=== Input ===

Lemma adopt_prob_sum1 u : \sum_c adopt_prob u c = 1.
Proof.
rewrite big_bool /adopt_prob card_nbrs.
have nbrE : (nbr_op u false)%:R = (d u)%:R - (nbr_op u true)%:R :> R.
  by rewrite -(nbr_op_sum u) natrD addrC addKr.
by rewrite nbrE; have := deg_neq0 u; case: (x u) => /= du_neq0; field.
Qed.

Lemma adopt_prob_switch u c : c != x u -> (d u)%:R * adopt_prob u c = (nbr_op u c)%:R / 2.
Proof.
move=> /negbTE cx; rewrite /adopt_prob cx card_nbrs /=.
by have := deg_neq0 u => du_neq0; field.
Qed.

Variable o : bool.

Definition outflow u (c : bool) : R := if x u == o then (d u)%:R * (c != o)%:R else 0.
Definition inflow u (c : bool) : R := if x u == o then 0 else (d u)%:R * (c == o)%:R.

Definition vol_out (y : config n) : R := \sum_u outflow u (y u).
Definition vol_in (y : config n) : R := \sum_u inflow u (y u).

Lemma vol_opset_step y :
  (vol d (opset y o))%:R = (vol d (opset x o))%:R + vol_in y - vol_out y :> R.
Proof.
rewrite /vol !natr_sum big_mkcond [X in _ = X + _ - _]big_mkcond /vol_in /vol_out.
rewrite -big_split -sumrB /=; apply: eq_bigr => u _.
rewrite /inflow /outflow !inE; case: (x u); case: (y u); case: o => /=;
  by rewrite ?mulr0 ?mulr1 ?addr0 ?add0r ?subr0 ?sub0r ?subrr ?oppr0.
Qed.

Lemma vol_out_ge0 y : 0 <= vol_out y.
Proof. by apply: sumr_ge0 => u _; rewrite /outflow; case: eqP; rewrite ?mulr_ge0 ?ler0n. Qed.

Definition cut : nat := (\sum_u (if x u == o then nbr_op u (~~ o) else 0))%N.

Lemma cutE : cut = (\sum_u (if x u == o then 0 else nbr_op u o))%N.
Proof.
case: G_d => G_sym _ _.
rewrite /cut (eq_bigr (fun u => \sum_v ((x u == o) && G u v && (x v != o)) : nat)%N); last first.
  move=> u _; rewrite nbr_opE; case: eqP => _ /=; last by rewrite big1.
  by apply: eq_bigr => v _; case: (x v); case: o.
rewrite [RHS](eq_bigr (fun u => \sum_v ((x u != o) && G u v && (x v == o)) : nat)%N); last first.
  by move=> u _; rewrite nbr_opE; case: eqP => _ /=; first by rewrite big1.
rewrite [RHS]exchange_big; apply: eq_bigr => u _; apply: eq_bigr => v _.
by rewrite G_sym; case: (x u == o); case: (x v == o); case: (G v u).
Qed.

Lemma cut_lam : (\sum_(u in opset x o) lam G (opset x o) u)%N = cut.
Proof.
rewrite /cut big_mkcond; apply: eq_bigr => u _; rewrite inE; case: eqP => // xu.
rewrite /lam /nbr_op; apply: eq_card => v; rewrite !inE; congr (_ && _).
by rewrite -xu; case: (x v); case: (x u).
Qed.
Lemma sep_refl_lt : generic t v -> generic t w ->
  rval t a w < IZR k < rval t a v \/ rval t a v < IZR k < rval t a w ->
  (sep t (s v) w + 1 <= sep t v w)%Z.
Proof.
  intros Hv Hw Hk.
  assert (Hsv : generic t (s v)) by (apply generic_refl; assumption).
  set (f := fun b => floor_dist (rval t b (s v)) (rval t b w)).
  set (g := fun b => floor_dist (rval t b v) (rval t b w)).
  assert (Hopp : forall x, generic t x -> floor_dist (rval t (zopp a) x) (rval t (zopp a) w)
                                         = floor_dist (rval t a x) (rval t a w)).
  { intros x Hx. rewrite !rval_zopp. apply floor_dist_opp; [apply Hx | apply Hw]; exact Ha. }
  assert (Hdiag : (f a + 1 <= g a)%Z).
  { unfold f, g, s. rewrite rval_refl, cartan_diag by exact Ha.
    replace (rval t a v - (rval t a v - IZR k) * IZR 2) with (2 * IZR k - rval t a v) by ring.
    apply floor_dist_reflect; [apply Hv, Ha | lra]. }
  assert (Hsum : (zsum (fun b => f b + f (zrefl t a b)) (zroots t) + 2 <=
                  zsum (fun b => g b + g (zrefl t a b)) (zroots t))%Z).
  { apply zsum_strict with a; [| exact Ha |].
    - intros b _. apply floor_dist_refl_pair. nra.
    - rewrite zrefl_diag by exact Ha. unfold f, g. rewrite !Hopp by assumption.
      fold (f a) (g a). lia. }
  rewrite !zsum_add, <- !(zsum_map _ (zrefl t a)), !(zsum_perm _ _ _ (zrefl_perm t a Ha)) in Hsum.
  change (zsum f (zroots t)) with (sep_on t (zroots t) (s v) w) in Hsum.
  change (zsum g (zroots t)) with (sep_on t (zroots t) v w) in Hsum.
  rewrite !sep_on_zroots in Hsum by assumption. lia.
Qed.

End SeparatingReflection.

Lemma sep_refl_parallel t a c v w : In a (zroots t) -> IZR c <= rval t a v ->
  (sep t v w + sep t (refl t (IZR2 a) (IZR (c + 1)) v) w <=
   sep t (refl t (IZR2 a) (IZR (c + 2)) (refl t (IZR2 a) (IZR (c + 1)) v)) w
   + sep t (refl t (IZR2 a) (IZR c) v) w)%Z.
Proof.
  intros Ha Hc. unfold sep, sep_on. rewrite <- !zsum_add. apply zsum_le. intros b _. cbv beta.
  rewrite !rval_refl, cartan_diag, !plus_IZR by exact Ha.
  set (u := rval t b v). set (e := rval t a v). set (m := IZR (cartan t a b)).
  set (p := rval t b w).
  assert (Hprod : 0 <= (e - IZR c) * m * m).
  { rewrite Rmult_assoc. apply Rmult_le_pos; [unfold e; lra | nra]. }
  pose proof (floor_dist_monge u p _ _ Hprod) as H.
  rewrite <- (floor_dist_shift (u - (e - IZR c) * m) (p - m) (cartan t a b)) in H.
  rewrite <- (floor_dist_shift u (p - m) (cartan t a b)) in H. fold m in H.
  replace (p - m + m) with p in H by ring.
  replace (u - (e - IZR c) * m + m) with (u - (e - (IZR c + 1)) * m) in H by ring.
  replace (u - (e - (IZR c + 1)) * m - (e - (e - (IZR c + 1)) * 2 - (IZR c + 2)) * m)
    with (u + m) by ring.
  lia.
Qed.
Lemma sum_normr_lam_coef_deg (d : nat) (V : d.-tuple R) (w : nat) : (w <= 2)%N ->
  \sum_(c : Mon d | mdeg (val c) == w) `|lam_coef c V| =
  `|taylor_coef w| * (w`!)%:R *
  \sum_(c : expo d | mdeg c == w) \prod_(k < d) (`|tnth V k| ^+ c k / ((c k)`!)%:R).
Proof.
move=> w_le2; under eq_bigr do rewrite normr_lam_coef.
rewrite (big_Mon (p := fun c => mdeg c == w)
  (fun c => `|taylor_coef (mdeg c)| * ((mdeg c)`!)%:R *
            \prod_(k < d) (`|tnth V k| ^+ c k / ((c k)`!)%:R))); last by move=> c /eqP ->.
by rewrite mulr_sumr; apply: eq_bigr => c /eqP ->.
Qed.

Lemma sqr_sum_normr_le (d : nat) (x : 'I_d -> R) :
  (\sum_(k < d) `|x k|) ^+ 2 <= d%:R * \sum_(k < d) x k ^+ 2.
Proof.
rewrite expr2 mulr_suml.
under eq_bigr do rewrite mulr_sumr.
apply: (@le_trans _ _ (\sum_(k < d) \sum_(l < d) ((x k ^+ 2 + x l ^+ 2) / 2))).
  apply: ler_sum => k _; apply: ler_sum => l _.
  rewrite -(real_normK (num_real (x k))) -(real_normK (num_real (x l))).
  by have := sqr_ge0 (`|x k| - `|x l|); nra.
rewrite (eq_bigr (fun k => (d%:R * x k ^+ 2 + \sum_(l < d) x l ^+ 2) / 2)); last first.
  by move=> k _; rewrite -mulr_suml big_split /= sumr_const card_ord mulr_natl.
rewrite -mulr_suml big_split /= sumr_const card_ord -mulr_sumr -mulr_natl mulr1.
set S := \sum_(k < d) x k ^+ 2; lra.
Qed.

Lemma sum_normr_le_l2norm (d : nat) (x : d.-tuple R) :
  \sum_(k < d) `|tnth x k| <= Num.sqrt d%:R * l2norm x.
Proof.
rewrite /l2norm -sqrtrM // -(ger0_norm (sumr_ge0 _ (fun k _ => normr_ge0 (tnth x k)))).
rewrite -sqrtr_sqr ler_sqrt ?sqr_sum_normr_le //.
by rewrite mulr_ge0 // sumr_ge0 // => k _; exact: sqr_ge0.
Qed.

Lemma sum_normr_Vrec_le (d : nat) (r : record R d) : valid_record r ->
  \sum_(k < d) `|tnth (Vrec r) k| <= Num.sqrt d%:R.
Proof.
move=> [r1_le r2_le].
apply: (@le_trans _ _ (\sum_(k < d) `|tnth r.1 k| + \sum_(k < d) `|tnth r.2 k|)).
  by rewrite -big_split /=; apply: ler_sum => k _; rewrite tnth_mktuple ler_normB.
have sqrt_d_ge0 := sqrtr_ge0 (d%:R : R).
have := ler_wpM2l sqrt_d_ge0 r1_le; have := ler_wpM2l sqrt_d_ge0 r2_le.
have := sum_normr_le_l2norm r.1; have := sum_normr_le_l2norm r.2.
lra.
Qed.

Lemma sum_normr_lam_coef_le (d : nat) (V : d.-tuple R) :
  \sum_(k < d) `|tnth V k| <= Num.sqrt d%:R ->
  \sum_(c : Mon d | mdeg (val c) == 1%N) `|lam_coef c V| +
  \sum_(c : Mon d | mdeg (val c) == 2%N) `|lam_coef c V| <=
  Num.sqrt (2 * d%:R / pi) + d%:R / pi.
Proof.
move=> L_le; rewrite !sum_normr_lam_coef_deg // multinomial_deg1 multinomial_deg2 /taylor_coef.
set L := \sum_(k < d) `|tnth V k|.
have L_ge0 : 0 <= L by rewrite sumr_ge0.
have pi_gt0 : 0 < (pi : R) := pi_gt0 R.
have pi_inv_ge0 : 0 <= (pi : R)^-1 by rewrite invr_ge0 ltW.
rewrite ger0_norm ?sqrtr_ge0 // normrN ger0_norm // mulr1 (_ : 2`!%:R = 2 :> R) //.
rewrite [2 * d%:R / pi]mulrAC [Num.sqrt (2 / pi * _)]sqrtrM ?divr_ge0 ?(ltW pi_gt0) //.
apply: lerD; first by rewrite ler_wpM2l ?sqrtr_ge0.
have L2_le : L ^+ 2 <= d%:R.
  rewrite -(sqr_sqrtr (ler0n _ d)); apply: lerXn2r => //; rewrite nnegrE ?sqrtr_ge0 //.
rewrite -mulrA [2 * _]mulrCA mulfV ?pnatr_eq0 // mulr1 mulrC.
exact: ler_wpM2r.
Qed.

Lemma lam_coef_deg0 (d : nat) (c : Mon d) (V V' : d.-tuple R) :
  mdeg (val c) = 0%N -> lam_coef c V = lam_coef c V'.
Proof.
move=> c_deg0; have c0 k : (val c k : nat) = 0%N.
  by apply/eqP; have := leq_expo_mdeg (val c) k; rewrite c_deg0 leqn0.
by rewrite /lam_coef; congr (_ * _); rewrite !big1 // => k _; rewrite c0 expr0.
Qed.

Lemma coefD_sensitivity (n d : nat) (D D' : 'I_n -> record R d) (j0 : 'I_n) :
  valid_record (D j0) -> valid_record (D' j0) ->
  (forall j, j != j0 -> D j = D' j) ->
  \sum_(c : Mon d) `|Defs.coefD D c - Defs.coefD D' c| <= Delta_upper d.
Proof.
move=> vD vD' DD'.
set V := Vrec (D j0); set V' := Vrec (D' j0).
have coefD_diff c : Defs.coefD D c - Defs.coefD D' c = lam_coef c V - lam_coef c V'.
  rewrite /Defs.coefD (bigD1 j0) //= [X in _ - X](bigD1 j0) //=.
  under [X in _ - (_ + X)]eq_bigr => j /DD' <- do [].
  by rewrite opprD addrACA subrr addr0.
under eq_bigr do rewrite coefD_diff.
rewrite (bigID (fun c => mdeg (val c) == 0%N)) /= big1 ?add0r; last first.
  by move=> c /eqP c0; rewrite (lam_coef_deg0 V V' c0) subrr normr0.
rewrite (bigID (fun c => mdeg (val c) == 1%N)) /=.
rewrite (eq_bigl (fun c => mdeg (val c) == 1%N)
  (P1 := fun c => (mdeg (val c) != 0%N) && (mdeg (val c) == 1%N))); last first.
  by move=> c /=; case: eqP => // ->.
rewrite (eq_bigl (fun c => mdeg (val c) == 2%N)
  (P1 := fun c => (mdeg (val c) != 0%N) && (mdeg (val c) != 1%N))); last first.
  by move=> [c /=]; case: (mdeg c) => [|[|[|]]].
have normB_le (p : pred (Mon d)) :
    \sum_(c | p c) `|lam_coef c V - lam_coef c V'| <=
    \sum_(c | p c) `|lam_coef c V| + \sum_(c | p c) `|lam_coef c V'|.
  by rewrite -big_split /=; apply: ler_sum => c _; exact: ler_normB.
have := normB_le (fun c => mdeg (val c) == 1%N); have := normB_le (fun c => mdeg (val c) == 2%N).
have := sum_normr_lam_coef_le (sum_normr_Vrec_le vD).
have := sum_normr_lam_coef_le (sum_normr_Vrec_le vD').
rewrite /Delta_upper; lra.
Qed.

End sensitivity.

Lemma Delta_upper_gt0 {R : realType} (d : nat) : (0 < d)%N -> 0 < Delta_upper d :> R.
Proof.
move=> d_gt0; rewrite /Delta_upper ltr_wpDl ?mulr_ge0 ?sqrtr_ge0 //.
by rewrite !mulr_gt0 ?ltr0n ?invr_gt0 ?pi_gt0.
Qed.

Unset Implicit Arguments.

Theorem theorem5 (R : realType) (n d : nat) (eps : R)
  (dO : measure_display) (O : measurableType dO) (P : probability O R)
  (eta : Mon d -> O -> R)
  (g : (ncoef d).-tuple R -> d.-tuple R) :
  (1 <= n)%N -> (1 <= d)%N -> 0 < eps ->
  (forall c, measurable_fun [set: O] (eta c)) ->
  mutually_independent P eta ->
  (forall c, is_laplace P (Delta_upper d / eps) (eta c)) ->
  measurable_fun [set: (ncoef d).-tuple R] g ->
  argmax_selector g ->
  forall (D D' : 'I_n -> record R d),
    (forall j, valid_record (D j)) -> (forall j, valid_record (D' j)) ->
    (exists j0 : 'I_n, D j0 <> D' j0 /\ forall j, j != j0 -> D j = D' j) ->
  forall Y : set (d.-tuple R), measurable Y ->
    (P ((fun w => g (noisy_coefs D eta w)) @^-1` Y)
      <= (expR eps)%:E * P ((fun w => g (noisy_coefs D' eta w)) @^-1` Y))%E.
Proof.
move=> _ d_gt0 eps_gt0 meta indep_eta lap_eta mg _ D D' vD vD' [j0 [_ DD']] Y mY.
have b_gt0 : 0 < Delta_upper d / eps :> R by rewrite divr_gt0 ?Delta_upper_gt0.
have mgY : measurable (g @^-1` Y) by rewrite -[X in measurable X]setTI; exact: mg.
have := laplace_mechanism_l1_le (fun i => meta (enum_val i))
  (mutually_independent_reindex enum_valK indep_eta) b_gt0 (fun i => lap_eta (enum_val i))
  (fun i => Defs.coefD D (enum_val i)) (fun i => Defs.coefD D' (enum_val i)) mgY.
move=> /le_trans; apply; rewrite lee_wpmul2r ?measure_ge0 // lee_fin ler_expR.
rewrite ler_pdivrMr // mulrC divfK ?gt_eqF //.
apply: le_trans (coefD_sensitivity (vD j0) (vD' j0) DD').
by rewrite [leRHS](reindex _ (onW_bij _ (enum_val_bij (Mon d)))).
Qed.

===

Above this task is a listing. Restate, word for word and with nothing added, the lines from the one with "change (zsum f" through the one with "End SeparatingReflection.".

Exercise solution —
  change (zsum f (zroots t)) with (sep_on t (zroots t) (s v) w) in Hsum.
  change (zsum g (zroots t)) with (sep_on t (zroots t) v w) in Hsum.
  rewrite !sep_on_zroots in Hsum by assumption. lia.
Qed.

End SeparatingReflection.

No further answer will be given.